From 5f9eb24a91c23de77635f7770a579cc36d1388a4 Mon Sep 17 00:00:00 2001
From: Moe Jette <jette1@llnl.gov>
Date: Tue, 28 Sep 2010 23:36:24 +0000
Subject: [PATCH]  -- Added new checkpoint mode "scontrol checkpoint requeue
 <job_id>" to     checkpoint and requeue a batch job. Note, there appear to be
 some     problems with checkpoint/blcr which are unrelated to these changes.

---
 doc/man/man1/scontrol.1                       | 41 ++++++++-----
 slurm/slurm.h.in                              | 11 ++++
 src/api/checkpoint.c                          | 15 +++++
 src/common/checkpoint.c                       |  4 +-
 src/common/checkpoint.h                       |  3 +-
 src/plugins/checkpoint/aix/checkpoint_aix.c   |  1 +
 src/plugins/checkpoint/blcr/checkpoint_blcr.c | 57 ++++++++++++++++++-
 src/plugins/checkpoint/ompi/checkpoint_ompi.c |  1 +
 src/plugins/checkpoint/xlch/checkpoint_xlch.c |  1 +
 src/scontrol/scontrol.c                       |  2 +-
 src/scontrol/update_job.c                     |  6 ++
 src/slurmctld/gang.c                          |  9 ++-
 src/slurmctld/job_mgr.c                       |  3 +-
 src/slurmctld/proc_req.c                      |  3 +
 14 files changed, 135 insertions(+), 22 deletions(-)

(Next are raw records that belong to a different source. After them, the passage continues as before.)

Variables (R : comNzRingType) (t : nat -> R).
Hypothesis t_add : forall a b, (0 < a)%N -> (0 < b)%N ->
  t (a + b) * ((1 + t a) * (1 + t b) - t a * t b) = t a * t b.

Local Notation ZP := (top_weight leP botP rkP m t).
Local Notation ZQ := (top_weight leQ botQ rkQ n t).
Local Notation ZR := (top_weight leR botR rkR (m + n) t).

Lemma top_weight_dd_step (a : P') (b : Q') :
  (forall c d, ltb leR (Some (c, d)) (Some (a, b)) ->
     ZR (Some (c, d)) = ZP (val c) * ZQ (val d)) ->
  Some (a, b) != botR ->
  ZR (Some (a, b)) = t (rkP (val a) + rkQ (val b)) *
    ((\sum_(y | leP y (val a)) ZP y) * (\sum_(y | leQ y (val b)) ZQ y)
     - ZP (val a) * ZQ (val b)).
Proof.
move=> IH ab_bot; rewrite {1}/top_weight (negbTE ab_bot) (chain_sum_lt dd_graded) //.
congr (_ * _); rewrite big_option /= add0r.
rewrite -(big_le_sub_top GP) -(big_le_sub_top GQ) big_distrlr pair_big_dep /=.
rewrite [X in _ = X - _](bigD1 (a, b)) /=; last by rewrite (graded_refl GP) (graded_refl GQ).
rewrite addrC addrK; apply: eq_big => -[c d] /=; last exact: IH.
by rewrite /ltb /= andbC.
Qed.

Lemma top_weight_dd (a : P') (b : Q') : ZR (Some (a, b)) = ZP (val a) * ZQ (val b).
Proof.
suff IH N : forall a b, (rkP (val a) + rkQ (val b) < N)%N ->
    ZR (Some (a, b)) = ZP (val a) * ZQ (val b) by exact: IH _ a b (ltnSn _).
elim: N => [//|N IHN] {}a {}b ab_N.
have IH c d : ltb leR (Some (c, d)) (Some (a, b)) ->
    ZR (Some (c, d)) = ZP (val c) * ZQ (val d).
  by move/dd_rk_lt => cd_ab; apply: IHN; exact: leq_trans cd_ab ab_N.
have [a_bot|a_bot] := eqVneq (val a) botP; have [b_bot|b_bot] := eqVneq (val b) botQ.
- by rewrite /top_weight eq_dd_bot a_bot b_bot !eqxx mulr1.
all: rewrite top_weight_dd_step //; last by rewrite eq_dd_bot negb_and ?a_bot ?b_bot ?orbT.
- rewrite a_bot (sum_le_bot_top_weight GP) (sum_le_top_weight GQ) // /top_weight.
  by rewrite eqxx (negbTE b_bot) (graded_rk_bot GP) add0n; ring.
- rewrite b_bot (sum_le_bot_top_weight GQ) (sum_le_top_weight GP) // /top_weight.
  by rewrite eqxx (negbTE a_bot) (graded_rk_bot GQ) addn0; ring.
- rewrite (sum_le_top_weight GP) // (sum_le_top_weight GQ) // /top_weight.
  rewrite (negbTE a_bot) (negbTE b_bot).
  have := t_add (graded_rk_pos GP a_bot) (graded_rk_pos GQ b_bot).
  set ta := t (rkP _); set tb := t (rkQ _); set tab := t _ => t_ab.
  by rewrite [RHS]mulrACA -t_ab; ring.
Qed.

Lemma chain_sum_dd_top : chain_sum leR botR rkR (m + n) t topR
  = chain_sum leP botP rkP m t topP * chain_sum leQ botQ rkQ n t topQ.
Proof.
rewrite (chain_sum_lt dd_graded); last by rewrite dd_botE.
have topP_bot : topP != botP by rewrite eq_sym (graded_bot_neq_top GP).
have topQ_bot : topQ != botQ by rewrite eq_sym (graded_bot_neq_top GQ).
rewrite (chain_sum_lt GP) // (chain_sum_lt GQ) //.
rewrite big_option /= add0r (eq_bigr (fun p => ZP (val p.1) * ZQ (val p.2))); last first.
  by case=> a b _; exact: top_weight_dd.
rewrite (big_lt_top GP) (big_lt_top GQ) big_distrlr pair_big.
by apply: eq_bigl => -[].
Qed.

End DualDiamond.

Definition qpoch (k : nat) : {poly int} := \prod_(i < k) (1 - 'X^(i.+1)).

Lemma qint_mul_1subX k : qint k * (1 - 'X) = 1 - 'X^k.
Proof.
elim: k => [|k IHk]; first by rewrite /qint big_ord0 mul0r expr0 subrr.
by rewrite /qint big_ord_recr /= mulrDl -/(qint k) IHk exprSr; ring.
Qed.

Lemma qfact_qpoch k : qfact k * (1 - 'X) ^+ k = qpoch k.
Proof.
elim: k => [|k IHk]; first by rewrite /qfact /qpoch !big_ord0 mulr1.
rewrite /qfact /qpoch !big_ord_recr /= -/(qfact k) -/(qpoch k) -IHk exprSr.
by rewrite -qint_mul_1subX; ring.
Qed.

Lemma qint_add m n : qint m + 'X^m * qint n = qint (m + n).
Proof.
have one_subX_neq0 : (1 - 'X : {poly int}) != 0.
  by apply/eqP => /(congr1 (horner^~ 2)); rewrite !hornerE => /eqP; rewrite subr_eq0.
by apply: (mulIf one_subX_neq0); rewrite mulrDl -mulrA !qint_mul_1subX exprD; ring.
Qed.

(* q-Pascal: [m+1+n+1]! = [m+n+1]! ([m+1] + q^(m+1) [n+1]). *)
Lemma qfact_mul_dvd m n : exists p, p * (qfact m * qfact n) = qfact (m + n).
Proof.
elim: m n => [|m IHm] n; first by exists 1; rewrite /qfact big_ord0 !mul1r.
elim: n => [|n IHn]; first by exists 1; rewrite /qfact big_ord0 !mul1r mulr1 addn0.
have [p1 p1E] := IHm n.+1; have [p2 p2E] := IHn.
exists (p1 + 'X^(m.+1) * p2).
have qfactS k : qfact k.+1 = qfact k * qint k.+1 by rewrite /qfact big_ord_recr.
rewrite addnS [RHS]qfactS; have := qint_add m.+1 n.+1; rewrite addnS => <-.
by rewrite mulrDr {1}addSnnS -p1E -p2E !qfactS; ring.
Qed.

Lemma qint_monic k : qint k.+1 \is monic.
Proof.
have size_qint j : (size (qint j) <= j)%N.
  elim: j => [|j IHj]; first by rewrite /qint big_ord0 size_poly0.
  rewrite /qint big_ord_recr /= -/(qint j); apply: leq_trans (size_polyD _ _) _.
  by rewrite size_polyXn geq_max leqnn andbT (leq_trans IHj).
apply/monicP; rewrite /qint big_ord_recr /= -/(qint k) lead_coefDr ?lead_coefXn //.
by rewrite size_polyXn ltnS size_qint.
Qed.

Lemma qfact_monic k : qfact k \is monic.
Proof. by apply: monic_prod => i _; exact: qint_monic. Qed.

Lemma qbinom_qpoch m n : qbinom m n * qpoch m * qpoch n = qpoch (m + n).
Proof.
have [p pE] := qfact_mul_dvd m n.
have -> : qbinom m n = p.
  by rewrite /qbinom -pE Pdiv.IdomainMonic.mulpK // monicMl qfact_monic.
by rewrite -!qfact_qpoch -pE exprD; ring.
Qed.

Lemma odds_mul (F : fieldType) (x y : F) : 1 - x != 0 -> 1 - y != 0 -> 1 - x * y != 0 ->
  x * y / (1 - x * y) * ((1 + x / (1 - x)) * (1 + y / (1 - y)) - x / (1 - x) * (y / (1 - y)))
  = x / (1 - x) * (y / (1 - y)).
Proof. by move=> x1 y1 xy1; field; rewrite x1 y1 xy1. Qed.

Definition qX : {fraction {poly int}} := tofrac 'X.

Definition qratio k : {fraction {poly int}} := qX ^+ k / (1 - qX ^+ k).

Lemma tofrac_1subXn k : tofrac (1 - 'X^k : {poly int}) = 1 - qX ^+ k.
Proof. by rewrite rmorphB rmorph1 rmorphXn. Qed.

Lemma one_sub_qX_neq0 k : (0 < k)%N -> 1 - qX ^+ k != 0.
Proof.
move=> k_gt0; rewrite -tofrac_1subXn tofrac_eq0; apply/eqP => /(congr1 (horner^~ 0)).
by rewrite !hornerE expr0n; case: k k_gt0.
Qed.

Lemma qratio_add a b : (0 < a)%N -> (0 < b)%N ->
  qratio (a + b) * ((1 + qratio a) * (1 + qratio b) - qratio a * qratio b)
  = qratio a * qratio b.
Proof.
move=> a_gt0 b_gt0; have ab_gt0 : (0 < a + b)%N by rewrite addn_gt0 a_gt0.
move: (one_sub_qX_neq0 a_gt0) (one_sub_qX_neq0 b_gt0) (one_sub_qX_neq0 ab_gt0).
by rewrite /qratio exprD; apply: odds_mul.
Qed.

Lemma Theta_tofrac (T : finType) (le : rel T) (bot top : T) (rk : T -> nat) r :
  tofrac (Theta (abIndex le bot top rk r))
  = tofrac (qpoch r) * chain_sum le bot rk r qratio top.
Proof.
rewrite Theta_abIndex rmorph_sum /chain_sum big_distrr /=; apply: eq_bigr => c _.
rewrite /chain_weight /qpoch !rmorph_prod -big_split /=; apply: eq_bigr => i _.
case: (c i) => [_|]; rewrite tofrac_1subXn ?mulr1 //.
by rewrite tofracXn /qratio mulrC divfK // one_sub_qX_neq0.
Qed.

Theorem mainTheorem8 (P : finType) (leP : rel P) (botP topP : P) (rkP : P -> nat)
  (Q : finType) (leQ : rel Q) (botQ topQ : Q) (rkQ : Q -> nat) (m n : nat) :
  is_graded_poset leP botP topP rkP -> rkP topP = m.+1 ->
  is_graded_poset leQ botQ topQ rkQ -> rkQ topQ = n.+1 ->
  Theta (abIndex (dd_le leP leQ topP topQ) (dd_bot botP topP botQ topQ)
           (dd_top topP topQ) (dd_rk topP topQ rkP rkQ) (m + n))
  = qbinom m n * Theta (abIndex leP botP topP rkP m)
               * Theta (abIndex leQ botQ topQ rkQ n).
Proof.
move=> /is_graded_poset_graded GP /GP{}GP /is_graded_poset_graded GQ /GQ{}GQ.
apply/eqP; rewrite -tofrac_eq !tofracM !Theta_tofrac; apply/eqP.
rewrite (chain_sum_dd_top GP GQ qratio_add) -qbinom_qpoch !tofracM.
by rewrite mulrACA -!mulrA.
Qed.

diff --git a/doc/man/man1/scontrol.1 b/doc/man/man1/scontrol.1
index 1566070965c..e06bd6ba209 100644
--- a/doc/man/man1/scontrol.1
+++ b/doc/man/man1/scontrol.1
@@ -1,4 +1,4 @@
-.TH SCONTROL "1" "July 2010" "scontrol 2.2" "Slurm components"
+.TH SCONTROL "1" "September 2010" "scontrol 2.2" "Slurm components"
 
 .SH "NAME"
 scontrol \- Used view and modify Slurm configuration and state.
@@ -75,33 +75,48 @@ which applies to all of its existing steps)
 or a specific job step (e.g. "<job_id>.<step_id>").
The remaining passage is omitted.